Saved entries
(** * A priori bound from the conserved quantity *)

(* The time derivative of Phi, with A = sum_i l_i D_i, r = R(t), g = gamma_t and
   dG/dt = 2 (S / N) r. *)
Lemma conservation_identity (S A N G eta : R) : 0 < N -> 0 < G ->
  let g := eta / sqrt G in let r := / (2 * N) * A in
  S / N * (/ N * (- (2 * g) * A + 2 * (g * g) * r * S))
  + 4 * eta * (2 * S / N * r / (2 * sqrt G)) - S / N * (eta * eta) * (2 * S / N * r * / G)
  = 0.
Proof.
move=> N0 G0 /=; have q0 := sqrt_lt_R0 _ G0.
set q := sqrt G in q0 *; have -> : G = q * q by rewrite /q sqrt_sqrt; lra.
by field; lra.
Qed.

Definition adagrad_sqrt_bound (b eta Lam M2 : R) : R :=
  let k := 1 + Lam * M2 / (4 * eta * b) + Lam * eta / b in b * (k * k).

Lemma sqrt_le_adagrad_sqrt_bound (sig Q Q0 G b eta Lam M2 : R) :
  0 < b -> 0 < eta -> 0 <= sig <= Lam -> 0 <= Q -> Q0 <= M2 -> 0 <= M2 -> b * b <= G ->
  sig * Q + 4 * eta * sqrt G - sig * (eta * eta) * ln G
    = sig * Q0 + 4 * eta * b - sig * (eta * eta) * ln (b * b) ->
  sqrt G <= adagrad_sqrt_bound b eta Lam M2.
Proof.
move=> b0 eta0 [sig0 sigL] Q_ge0 Q0M M2_ge0 bG conserved.
set u := sqrt G in conserved *.
have bu : b <= u by rewrite /u -(sqrt_square b); [apply: sqrt_le_1_alt | lra].
have Gu : G = u * u by rewrite /u sqrt_sqrt; nra.
(* the substitution u = b y^2 turns the logarithmic term into 4 ln y <= 4 y *)
set y := sqrt (u / b).
have ub1 : 1 <= u / b by apply: (Rmult_le_reg_r b) => //; field_simplify; lra.
have yy : y * y = u / b by rewrite /y sqrt_sqrt; lra.
have y1 : 1 <= y by rewrite /y -sqrt_1; apply: sqrt_le_1_alt.
have uy : u = b * (y * y) by rewrite yy; field; lra.
have ln_ratio : ln G - ln (b * b) = 4 * ln y.
  rewrite Gu uy !ln_mult; try nra; lra.
have lny : 0 <= ln y <= y.
  split; last by have := @ln_le_sub1 y ltac:(lra); lra.
  by rewrite -ln_1; case: y1 => [y1|<-]; [left; apply: ln_increasing|]; lra.
have key : 4 * eta * b * (y * y) <= Lam * M2 + 4 * eta * b + 4 * Lam * (eta * eta) * y.
  have : sig * Q0 <= Lam * M2.
    by apply: Rle_trans (Rmult_le_compat_r _ _ _ M2_ge0 sigL); nra.
  have : sig * (eta * eta) * (4 * ln y) <= Lam * (eta * eta) * (4 * y).
    by apply: Rmult_le_compat; nra.
  have : 0 <= sig * Q by nra.
  have : 4 * eta * u = 4 * eta * b * (y * y) by rewrite uy; ring.
  have : sig * (eta * eta) * (ln G - ln (b * b)) = sig * (eta * eta) * (4 * ln y).
    by rewrite ln_ratio.
  lra.
rewrite /adagrad_sqrt_bound uy.
set a := 1 + Lam * M2 / (4 * eta * b); set be := Lam * eta / b.
have a1 : 1 <= a.
  have : 0 <= Lam * M2 / (4 * eta * b) by apply: Rle_mult_inv_pos; nra.
  rewrite /a; lra.

have be0 : 0 <= be by apply: Rle_mult_inv_pos; nra.
have aE : 4 * eta * b * a = Lam * M2 + 4 * eta * b by rewrite /a; field; lra.
have beE : 4 * eta * b * be = 4 * Lam * (eta * eta) by rewrite /be; field; lra.
have y_le : y <= a + be.
  case: (Rle_dec y (a + be)) => // /Rnot_le_lt y_gt.
  have : 4 * eta * b * ((a + be) * y) < 4 * eta * b * (y * y).
    by apply: Rmult_lt_compat_l; nra.
  have : 4 * eta * b * a * 1 <= 4 * eta * b * a * y by apply: Rmult_le_compat_l; nra.
  have : 4 * eta * b * be * y = 4 * Lam * (eta * eta) * y by rewrite -beE.
  lra.
apply: Rmult_le_compat_l; first lra.
apply: Rmult_le_compat; lra.
Qed.

Lemma adagrad_sqrt_bound_ge (b eta Lam M2 : R) : 0 < b -> 0 < eta -> 0 <= Lam -> 0 <= M2 ->
  b <= adagrad_sqrt_bound b eta Lam M2.
Proof.
move=> b0 eta0 Lam0 M20; rewrite /adagrad_sqrt_bound /=.
have : 0 <= Lam * M2 / (4 * eta * b) by apply: Rle_mult_inv_pos; nra.
have : 0 <= Lam * eta / b by apply: Rle_mult_inv_pos; nra.
set k := _ + _ + _ => ? ?.
have k1 : 1 <= k by rewrite /k; lra.
rewrite -{1}(Rmult_1_r b); apply: Rmult_le_compat_l; [lra | nra].
Qed.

TASK OBJECTIVE
Please repeat, exactly and only, the lines from the one containing "Lemma adagrad_sqrt_bound_ge (b" through the last line of the records, both included.

TASK OUTPUT
Lemma adagrad_sqrt_bound_ge (b eta Lam M2 : R) : 0 < b -> 0 < eta -> 0 <= Lam -> 0 <= M2 ->
  b <= adagrad_sqrt_bound b eta Lam M2.
Proof.
move=> b0 eta0 Lam0 M20; rewrite /adagrad_sqrt_bound /=.
have : 0 <= Lam * M2 / (4 * eta * b) by apply: Rle_mult_inv_pos; nra.
have : 0 <= Lam * eta / b by apply: Rle_mult_inv_pos; nra.
set k := _ + _ + _ => ? ?.
have k1 : 1 <= k by rewrite /k; lra.
rewrite -{1}(Rmult_1_r b); apply: Rmult_le_compat_l; [lra | nra].
Qed.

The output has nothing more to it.